Iran signals openness to negotiations on nuclear program if US eases economic pressure

June 12, 2019

Iran signals openness to negotiations on nuclear program if US eases economic pressure Left - Gage Skidmore / CCL Right - A. Davey / CCL

Iran signaled on Monday that it would be open to negotiations with the U.S. on its nuclear program if economic sanctions against it are eased.

Spokesman for Iran’s foreign ministry Abbas Mousavi advised the U.S. in a statement that the best way to move forward would be a “decrease in pain and suffering of the Iranian people,” which he says is a result of economic sanctions spearheaded by the U.S. If economic relief is not forthcoming, Mousavi said, Iran is prepared to move forward with its nuclear program.

On the surface, Mousavi’s statement looks more like a threat than a capitulation. But it’s important to note that from May 2018 when the U.S. pulled out of the Iran nuclear deal until April 2019 when Trump decided to go for a complete oil embargo, Iran did not offer to negotiate with the U.S. under any circumstances.

Iran’s new strategy

The Hill pointed out that Iran’s ultimatum is designed to look like a threat, but actually shows an increased willingness to work things out with the U.S. First of all, the threat is vague and gives 60 days for the U.S. to make its own move.

Additionally, other “threatening” steps Iran has taken have been carefully calculated not to provoke U.S. ire. Even sabotaging four tankers near the United Arab Emirates port of Fujairah and ordering drone strikes on Saudi pumping stations, as the U.S. recently accused Iran of doing, are considered low-level attacks that won’t hurt relations in any significant way.

Moreover, after a recent visit to Tokyo by U.S. President Donald Trump, Japan Prime Minister Shinzo Abe is now traveling to Tehran. It is said that Abe carries a message from the U.S. about where things might go in the near future. In a very real sense, negotiations have already begun.

Diplomats from other nations including Oman, Iraq, Germany, and Switzerland have also addressed U.S.-Iran tensions with Iran’s leadership.
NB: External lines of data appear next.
Lemma Y0_Cn_on n : Cn_on n Y0 (- eps0) eps0.
Proof.
  assert (Hin : forall x, - eps0 < x < eps0 -> Rabs x < eps0) by (intros; apply Rabs_def1; lra).
  induction n as [|n IH]; simpl; auto. split.
  - intros x Hx. eexists. apply Y0_derive; auto.
  - apply Cn_on_ext with (fun x => - Q_e (Y0 x) / Q_slope x (Y0 x) (Y0 x)).
    + intros x Hx. symmetry. apply is_derive_unique, Y0_derive; auto.
    + apply Cn_on_div.
      * intros x Hx. specialize (Hin x Hx).
        assert (Hx' : Rabs x <= eps0) by lra. apply Rgt_not_eq.
        apply Q_slope_gt0; auto; apply Y0_spec; auto.
      * unfold Q_e. Cn_on_close.
      * unfold Q_slope. Cn_on_close.
Qed.

Lemma Y0_mul_slope e : Rabs e <= eps0 -> Y0 e * Q_slope e (Y0 e) 0 = 3 / 2 * p * c * c * e.
Proof.
  intros He. pose proof (Q_sub e (Y0 e) 0) as E.
  rewrite (proj2 (Y0_spec e He)), Q_at_0, Rminus_0_r in E. lra.
Qed.

Lemma Q_slope_at_root_ge e : 0 < e < eps0 -> c * c / 2 <= Q_slope e (Y0 e) 0.
Proof.
  intros He. assert (He' : Rabs e <= eps0) by (rewrite Rabs_pos_eq; lra).
  pose proof eta_gt0.
  apply Q_slope_ge; auto; [apply Y0_spec; auto | rewrite Rabs_R0; lra].
Qed.

Lemma Y0_bigO : bigO_on eps0 1 Y0.
Proof.
  apply bigO_on_ext with (fun e => (3 / 2 * p * c * c * e) * / Q_slope e (Y0 e) 0).
  - intros e He. pose proof (Q_slope_at_root_ge e He).
    rewrite <- Y0_mul_slope by (rewrite Rabs_pos_eq; lra). field. nra.
  - apply (bigO_on_mult _ 1 0).
    + apply (bigO_on_mult _ 0 1); [apply bigO_on_const | apply bigO_on_id].
    + apply bigO_on_inv with (c * c / 2); [nra |].
      intros e He. pose proof (Q_slope_at_root_ge e He).
      rewrite Rabs_pos_eq; nra.
Qed.

Lemma Y0_expansion : bigO_on eps0 2 (fun e => Y0 e - 3 / 2 * p * e).
Proof.
  pose proof eps0_le_1 as Hle1.
  assert (HY0 : bigO_on eps0 0 Y0) by (apply bigO_on_S; auto; apply Y0_bigO).
  (* Y0 S = 3/2 p c^2 e with S = Q_slope e (Y0 e) 0 = c^2 + O(e). *)
  apply bigO_on_ext with (fun e =>
    (3 / 2 * p * e) * (- (Y0 e * (Y0 e - 2 * p * (1 + 3 * g * e / 4))) - e * (3 * g * p * p))
    * / Q_slope e (Y0 e) 0).
  - intros e He. pose proof (Q_slope_at_root_ge e He).
    pose proof (Y0_mul_slope e) as E. rewrite Rabs_pos_eq in E by lra.
    apply Rmult_eq_reg_r with (Q_slope e (Y0 e) 0); [| nra].
    rewrite Rmult_assoc, Rinv_l, Rmult_1_r by nra.
    unfold Q_slope in *. rewrite Rmult_minus_distr_r, E by lra. ring.
  - apply (bigO_on_mult _ 2 0).
    + apply (bigO_on_mult _ 1 1).
      * apply (bigO_on_mult _ 0 1); [apply bigO_on_const | apply bigO_on_id].
      * apply bigO_on_minus.
        -- apply bigO_on_opp, (bigO_on_mult _ 1 0); [apply Y0_bigO | bigO0_close].
        -- apply (bigO_on_mult _ 1 0); [apply bigO_on_id | apply bigO_on_const].
    + apply bigO_on_inv with (c * c / 2); [nra |].
      intros e He. pose proof (Q_slope_at_root_ge e He).
      rewrite Rabs_pos_eq; nra.
Qed.
Lemma vcoord_beta_sub z P Q i : vcoord (beta sp z Q) i - vcoord (beta sp z P) i =
  \sum_a \sum_b vcoord (piV z) a * dvec sp e Q P b * levi R a b i.
Proof.
rewrite !vcoord_beta spC (sp_coordE (frame_on P) (frame_span P) (frame Q i)).
under eq_bigr => j _ do rewrite sp_frame_dvec.
under [RHS]eq_bigr => a _ do rewrite (vcoord_piV P).
rewrite /skew !sum3E; case3 i; rewrite ?eq_o3E ?eqxx !dualE !leviE /=; ring.
Qed.

Lemma beta_screw z : is_screw sp e (beta sp z).
Proof.
exists (piV z) => P Q; apply: vcoord_inj => i.
by rewrite vcoord_vsub vcoord_vcross_diffE vcoord_beta_sub.
Qed.

Lemma beta_linear r z1 z2 A :
  beta sp (dR r *: z1 + z2) A = vadd (vscale r (beta sp z1 A)) (beta sp z2 A).
Proof.
apply: vcoord_inj => i; rewrite vcoord_vadd vcoord_vscale !vcoord_beta spDl spZl.
by rewrite duD duM re_dR du_dR mul0r addr0.
Qed.

Lemma beta_inj z1 z2 : beta sp z1 =1 beta sp z2 -> z1 = z2.
Proof.
move=> eq_beta.
have eq_cross d i : \sum_a \sum_b vcoord (piV z1) a * d b * levi R a b i =
    \sum_a \sum_b vcoord (piV z2) a * d b * levi R a b i.
  have := vcoord_beta_sub z1 P0 (perturbed_point P0 d) i.
  by rewrite dvec_perturbed_point !eq_beta vcoord_beta_sub dvec_perturbed_point.
have eq_re a : vcoord (piV z1) a = vcoord (piV z2) a.
  by case3 a; [move: (eq_cross (fun b => (b == o1)%:R) o2)
             | move: (eq_cross (fun b => (b == o2)%:R) o0)
             | move: (eq_cross (fun b => (b == o0)%:R) o1)];
    rewrite !sum3E ?eq_o3E ?eqxx !leviE /=; lra.
apply: (coord_inj (frame_on P0) (frame_span P0)) => i; apply: dual_eq.
  by rewrite -!(vcoord_piV P0) eq_re.
by rewrite -!vcoord_beta eq_beta.
Qed.
(* Suppose the random walk $R$ is irreducible, aperiodic, positive recurrent and has negative drift, and let $F:S\to[0,\infty)$ be $C$-linear with coefficients $f_{k,i}$. Let $$f^*=\max_{k\in K}\max_{i=0,\dots,M}\max\{f_{k,i},1\},\qquad v_i=\frac{-f^*}{\sup_{n\in S:\,i\in I(n)}\{s^+_i(n)-s^-_i(n)\}}\ (i=1,\dots,M),\qquad V(n)=\sum_{i=1}^M v_i n_i^2.$$ Then there exists a constant $b_0<\infty$ such that for all $n\in S$, $u\in N_{c(n)}$ and $t\ge0$, $$|D^t_u(n)|\le V(n)+V(n+u)+b_0.$$
   Context: Let $M\ge 1$ and $S=\{0,1,2,\dots\}^M$. For $n\in S$ let $N(n)=\{u\in\{-1,0,1\}^M: n+u\in S\}$. A partition $C=\{C_k\}_{k\in K}$ ($K$ finite) of $S$ is a family of pairwise disjoint sets covering $S$ such that $N(n)=N(n')$ whenever $n,n'$ lie in the same $C_k$; write $N_k$ for this common set and $c(n)$ for the index $k$ with $n\in C_k$. The random walk $R$ is a discrete-time Markov chain on $S$ with transition probabilities $P(n,n+u)=p_{c(n),u}\ge0$ for $u\in N_{c(n)}$, $P(n,m)=0$ if $m-n\notin N_{c(n)}$, and $\sum_{u\in N_k}p_{k,u}=1$ for every $k$. For $n\in S$, $I(n)=\{i\in\{1,\dots,M\}: n_i>0\}$, $s^+_i(n)=\sum_{u\in N_{c(n)}:u_i=1}p_{c(n),u}$ and $s^-_i(n)=\sum_{u\in N_{c(n)}:u_i=-1}p_{c(n),u}$. $R$ has negative drift if $\sup_{n\in S,\,i\in I(n)}\{s^+_i(n)-s^-_i(n)\}<0$. A function $F:S\to[0,\infty)$ is $C$-linear if there are real coefficients $f_{k,i}$ with $F(n)=f_{k,0}+\sum_{i=1}^M f_{k,i}n_i$ for all $n\in C_k$, $k\in K$. For $t\ge0$, $F^t(n)=\sum_{k=0}^{t-1}\sum_{m\in S}P^k(n,m)F(m)$, where $P^k$ is the $k$-step transition matrix, and the bias terms are $D^t_u(n)=F^t(n+u)-F^t(n)$ for $u\in N_{c(n)}$. *)

From Stdlib Require Import Reals Lra ZArith Arith List ClassicalEpsilon.
Import ListNotations.
Open Scope R_scope.

(* States n in S = N^M are lists of naturals of length M; coordinate i of the
   paper (1 <= i <= M) is list position i-1 (0-based here). *)
Definition inS (M : nat) (n : list nat) : Prop := length n = M.

Fixpoint dirs (M : nat) : list (list Z) :=
  match M with
  | O => [[]]
  | S M' => flat_map (fun z => map (cons z) (dirs M')) [(-1)%Z; 0%Z; 1%Z]
  end.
It’s important to the world that Iran not be given the opportunity to develop its nuclear program further.

It is not expected that Iran will give the U.S. everything it wants. Most nations don’t. However, key concessions are said to be on the table, and it is possible to make real progress after a year-long standoff.

Righting past wrongs

For Trump, negotiations would be a chance to fix what he considers a disastrous deal that former President Barack Obama got the U.S. into with Iran in 2015. While U.N. inspectors considered Iran largely compliant with the deal when Trump pulled out in 2018, allies in the region like Israel and Saudi Arabia claimed that Iran was lying about its intentions for nuclear development.
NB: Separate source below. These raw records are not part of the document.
(* Let $\langle A\mid\mathcal{R}\rangle$ be a finite homogeneous presentation of a monoid $M$ and let $n$ be an integer at least the maximum length of a word appearing in a relation of $\mathcal{R}$. Let $\mathcal{R}'=\{(u\ell v,urv): (\ell,r)\in\mathcal{R},\ u,v\in A^*,\ |u\ell v|=n\}$ and let $M'$ be the monoid presented by $\langle A\mid \mathcal{R}'\rangle$. Then $\langle A\mid\mathcal{R}'\rangle$ is $n$-ary homogeneous (and $n$-ary multihomogeneous if $\langle A\mid\mathcal{R}\rangle$ is multihomogeneous), and $M$ and $M'$ are Rees-ideal-commensurable: the sets $I=\{[w]\in M: |w|\geq n\}$ and $I'=\{[w]\in M': |w|\geq n\}$ are finite Rees index ideals, isomorphic via $[w]_{\mathcal{R}'}\mapsto[w]_{\mathcal{R}}$. Consequently every finitely presented (multi)homogeneous monoid is Rees-ideal-commensurable to an $n$-ary (multi)homogeneous monoid.
   Context: A finite presentation $\langle A\mid\mathcal{R}\rangle$ is homogeneous if $|u|=|v|$ for all $(u,v)\in\mathcal{R}$; multihomogeneous if $|u|_a=|v|_a$ for every $a\in A$ and $(u,v)\in\mathcal{R}$; $n$-ary homogeneous if $|u|=|v|=n$ for all $(u,v)\in\mathcal{R}$; $n$-ary multihomogeneous if both $n$-ary homogeneous and multihomogeneous. An ideal $U$ of a semigroup $S$ has finite Rees index if $S\setminus U$ is finite; semigroups $S_1,S_2$ are Rees-ideal-commensurable if there are finite Rees index ideals $U_i\subseteq S_i$ with $U_1\cong U_2$. In a homogeneous monoid all words representing an element have the same length, so $|w|$ for $[w]$ is well defined. *)

From mathcomp Require Import all_boot.
From Stdlib Require Import Relations.Relation_Operators.
Set Implicit Arguments. Unset Strict Implicit. Unset Printing Implicit Defensive.

Definition word (A : finType) := seq A.

Definition relset (A : finType) := word A -> word A -> Prop.

Definition of_seq (A : finType) (R : seq (word A * word A)) : relset A :=
  fun l r => (l, r) \in R.

Definition finite_relset (A : finType) (R : relset A) : Prop :=
  exists s : seq (word A * word A), forall l r, R l r <-> (l, r) \in s.

Inductive step (A : finType) (R : relset A) : word A -> word A -> Prop :=
  | step_intro (u v l r : word A) : R l r -> step R (u ++ l ++ v) (u ++ r ++ v).

(* the congruence generated by R: w1 and w2 represent the same element
   of the monoid <A | R>, i.e. [w1]_R = [w2]_R *)
Definition congr (A : finType) (R : relset A) : word A -> word A -> Prop :=
  clos_refl_sym_trans (word A) (step R).

Definition homogeneous (A : finType) (R : relset A) : Prop :=
  forall l r, R l r -> size l = size r.

Definition multihomogeneous (A : finType) (R : relset A) : Prop :=
  forall l r, R l r -> forall a : A, count_mem a l = count_mem a r.

Definition nary_homogeneous (A : finType) (n : nat) (R : relset A) : Prop :=
  forall l r, R l r -> size l = n /\ size r = n.

Definition nary_multihomogeneous (A : finType) (n : nat) (R : relset A) : Prop :=
  nary_homogeneous n R /\ multihomogeneous R.

Definition nary_rels (A : finType) (n : nat) (R : relset A) : relset A :=
  fun l' r' => exists u v l r,
    [/\ R l r, l' = u ++ l ++ v, r' = u ++ r ++ v & size (u ++ l ++ v) = n].

(* [w]_R lies in I = {[w] in <A|R> : |w| >= n} *)
Definition inI (A : finType) (R : relset A) (n : nat) (w : word A) : Prop :=
  exists w', congr R w w' /\ n <= size w'.

Definition finite_rees_index_ideal (A : finType) (R : relset A) (n : nat) : Prop :=
  (forall x w y : word A, inI R n w -> inI R n (x ++ w ++ y)) /\
  (exists s : seq (word A),
     forall w, ~ inI R n w -> exists2 w', w' \in s & congr R w w').

(* the map [w]_{R'} |-> [w]_R is an isomorphism from I' onto I
   (it is multiplicative by construction: [w1][w2] = [w1 ++ w2]) *)
Definition canonical_iso (A : finType) (R R' : relset A) (n : nat) : Prop :=
  [/\ (forall w, inI R' n w -> inI R n w),
      (forall w1 w2, inI R' n w1 -> inI R' n w2 ->
         congr R' w1 w2 -> congr R w1 w2),
      (forall w1 w2, inI R' n w1 -> inI R' n w2 ->
         congr R w1 w2 -> congr R' w1 w2) &
      (forall w, inI R n w -> exists w', inI R' n w' /\ congr R w' w)].

(* Every relation of R' is a relation of R applied in a context, so R' is n-ary
   homogeneous and [w]_{R'} |-> [w]_R is well defined. Conversely, a rewriting
   step u l v -> u r v of R inside a word of length at least n can be cut down
   to a window of length exactly n around l, which is a relation of R'; since R
   is homogeneous, all words along an R-derivation starting from a long word
   stay long, so R-congruent long words are R'-congruent. Both I and I' are
   ideals whose complements consist of classes of words shorter than n, of
   which there are finitely many. *)
From mathcomp Require Import all_boot.
From Stdlib Require Import Relations.Relation_Operators ClassicalEpsilon.
From mathcomp Require Import zify.
Set Implicit Arguments. Unset Strict Implicit. Unset Printing Implicit Defensive.

Lemma split_window (T : Type) (x m y : seq T) n :
  size m <= n -> n <= size (x ++ m ++ y) ->
  exists x1 x2 y1 y2,
    [/\ x = x1 ++ x2, y = y1 ++ y2 & size (x2 ++ m ++ y1) = n].
Proof.
rewrite !size_cat => le_m_n le_n_s.
have [le_ky | lt_yk] := leqP (n - size m) (size y).
- exists x, [::], (take (n - size m) y), (drop (n - size m) y).
  by rewrite cats0 cat_take_drop /= size_cat size_take_min; split=> //; lia.
- set j := size x - (n - size m - size y).
  exists (take j x), (drop j x), y, [::].
  by rewrite cat_take_drop cats0 !size_cat size_drop; split=> //; lia.
Qed.

Section Words.
Variable A : finType.

Definition words (k : nat) : seq (word A) := [seq val t | t <- enum {: k.-tuple A}].

Lemma mem_words k (w : word A) : (w \in words k) = (size w == k).
Proof.
apply/mapP/eqP => [[t _ ->] | sz_w]; first exact: size_tuple.
by exists (Tuple (introT eqP sz_w)); rewrite ?mem_enum.
Qed.

Lemma nary_homogeneous_finite n (R : relset A) :
  nary_homogeneous n R -> finite_relset R.
Proof.
move=> nhR.
exists [seq p <- [seq (l, r) | l <- words n, r <- words n]
         | is_left (excluded_middle_informative (R p.1 p.2))] => l r.
rewrite mem_filter /=; case: excluded_middle_informative => //= Rlr.
split=> // _; have [sz_l sz_r] := nhR _ _ Rlr.
by apply: allpairs_f; rewrite mem_words ?sz_l ?sz_r.
Qed.

End Words.

Section Congruence.
Variable A : finType.
Implicit Types (R S : relset A) (w x y : word A).

Lemma congr_cat R x y w1 w2 :
  congr R w1 w2 -> congr R (x ++ w1 ++ y) (x ++ w2 ++ y).
Proof.
elim=> [_ _ [u v l r Rlr] | w | w1' w2' _ IH | w1' w2' w3' _ IH1 _ IH2].
- apply: rst_step; have := step_intro (x ++ u) (v ++ y) Rlr.
  by rewrite -!catA.
- exact: rst_refl.
- exact: rst_sym.
- exact: rst_trans IH2.
Qed.

Lemma congr_sub R S :
  (forall w1 w2, step S w1 w2 -> step R w1 w2) ->
  forall w1 w2, congr S w1 w2 -> congr R w1 w2.
Proof.
move=> stepSR w1 w2; elim=> [? ? /stepSR | w | ? ? _ IH | ? ? ? _ IH1 _ IH2].
- exact: rst_step.
- exact: rst_refl.
- exact: rst_sym.
- exact: rst_trans IH2.
Qed.

Lemma congr_size R : homogeneous R ->
  forall w1 w2, congr R w1 w2 -> size w1 = size w2.
Proof.
move=> hR w1 w2; elim=> [_ _ [u v l r Rlr] | // | _ _ _ -> // | ? ? ? _ -> _ -> //].
by rewrite !size_cat (hR _ _ Rlr).
Qed.

Lemma finite_rees_index_ideal_all R n : finite_rees_index_ideal R n.
Proof.
split.
- move=> x w y [w' [ww' le_n_w']]; exists (x ++ w' ++ y).
  split; first exact: congr_cat.
  by rewrite !size_cat (leq_trans le_n_w') // addnCA leq_addr.
- exists (flatten [seq words A k | k <- iota 0 n]) => w notIw.
  exists w; last exact: rst_refl.
  have lt_w_n : size w < n.
    rewrite ltnNge; apply/negP => le_n_w; apply: notIw.
    by exists w; split=> //; apply: rst_refl.
  apply/flattenP; exists (words A (size w)); last by rewrite mem_words.
  by apply/mapP; exists (size w); rewrite // mem_iota.
Qed.

Variables (R : relset A) (n : nat).
Hypothesis hR : homogeneous R.

Lemma nary_rels_nary_homogeneous : nary_homogeneous n (nary_rels n R).
Proof.
move=> _ _ [u [v [l [r [Rlr -> -> sz]]]]]; split=> //.
by rewrite -sz !size_cat (hR Rlr).
Qed.

Lemma nary_rels_multihomogeneous :
  multihomogeneous R -> multihomogeneous (nary_rels n R).
Proof.
move=> mhR _ _ [u [v [l [r [Rlr -> -> _]]]]] a.
by rewrite !count_cat (mhR _ _ Rlr).
Qed.

Lemma step_nary_rels w1 w2 : step (nary_rels n R) w1 w2 -> step R w1 w2.
Proof.
move=> [x y _ _ [u [v [l [r [Rlr -> -> _]]]]]].
by have := step_intro (x ++ u) (v ++ y) Rlr; rewrite -!catA.
Qed.

Hypothesis le_rels_n : forall l r, R l r -> size l <= n.

Lemma step_nary_rels_long w1 w2 :
  step R w1 w2 -> n <= size w1 -> step (nary_rels n R) w1 w2.
Proof.
move=> [x y l r Rlr] le_n_w1.
have [x1 [x2 [y1 [y2 [-> -> sz_window]]]]] := split_window (le_rels_n Rlr) le_n_w1.
have reassoc z : (x1 ++ x2) ++ z ++ y1 ++ y2 = x1 ++ (x2 ++ z ++ y1) ++ y2.
  by rewrite -!catA.
by rewrite !reassoc; apply: step_intro; exists x2, y1, l, r.
Qed.

(* Homogeneity of R keeps every word of the derivation of length >= n. *)
Lemma congr_nary_rels_long w1 w2 :
  congr R w1 w2 -> n <= size w1 -> congr (nary_rels n R) w1 w2.
Proof.
elim=> [? ? st | w | ? ? ww' IH | ? w' ? ww' IH1 _ IH2] le_n_w.
- exact/rst_step/step_nary_rels_long.
- exact: rst_refl.
- by apply/rst_sym/IH; rewrite (congr_size hR ww').
- by apply: rst_trans (IH1 le_n_w) (IH2 _); rewrite -(congr_size hR ww').
Qed.

Lemma canonical_iso_nary_rels : canonical_iso R (nary_rels n R) n.
Proof.
have congr_R := congr_sub step_nary_rels.
split.
- by move=> w [w' [ww' le_n_w']]; exists w'; split=> //; apply: congr_R.
- by move=> w1 w2 _ _; apply: congr_R.
- move=> w1 w2 [w' [w1w' le_n_w']] _ /congr_nary_rels_long; apply.
  by rewrite (congr_size hR (congr_R _ _ w1w')).
- move=> w [w' [ww' le_n_w']]; exists w'; split; last exact: rst_sym.
  by exists w'; split=> //; apply: rst_refl.
Qed.

End Congruence.

Theorem proposition5p5 (A : finType) (R : seq (word A * word A)) (n : nat)
    (hR : homogeneous (of_seq R))
    (hn : forall l r, (l, r) \in R -> size l <= n /\ size r <= n) :
  let R' := nary_rels n (of_seq R) in
  [/\ finite_relset R',
      nary_homogeneous n R' &
      (multihomogeneous (of_seq R) -> nary_multihomogeneous n R')] /\
  [/\ finite_rees_index_ideal (of_seq R) n,
      finite_rees_index_ideal R' n &
      canonical_iso (of_seq R) R' n].
Proof.
move=> R'.
have nhR' : nary_homogeneous n R' := nary_rels_nary_homogeneous hR.
have le_rels_n l r : of_seq R l r -> size l <= n by case/hn.
split; split.
- exact: nary_homogeneous_finite nhR'.
- exact: nhR'.
- by move=> mhR; split; last exact: nary_rels_multihomogeneous.
- exact: finite_rees_index_ideal_all.
- exact: finite_rees_index_ideal_all.
- exact: canonical_iso_nary_rels.
Qed.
Indeed, athough detractors were sure that Trump’s pull-out would get us into a war with Iran, once again Trump has come out looking like the brilliant one for seeing what was really going on. Trump is not afraid to leverage U.S. power to stop problem nations in their tracks, something that Obama was never willing or able to do.

Like the recent deal with Mexico, Trump’s threaten first, negotiate later strategy seems to be speaking the language of foreign leaders who previously took advantage of U.S. unwillingness to use its power. It remains to be seen what will happen with Iran, but Trump’s forcing the issue has finally seen a response from Tehran.

It’s about time the U.S. did what it could to make things right around the world instead of rolling over and playing dead.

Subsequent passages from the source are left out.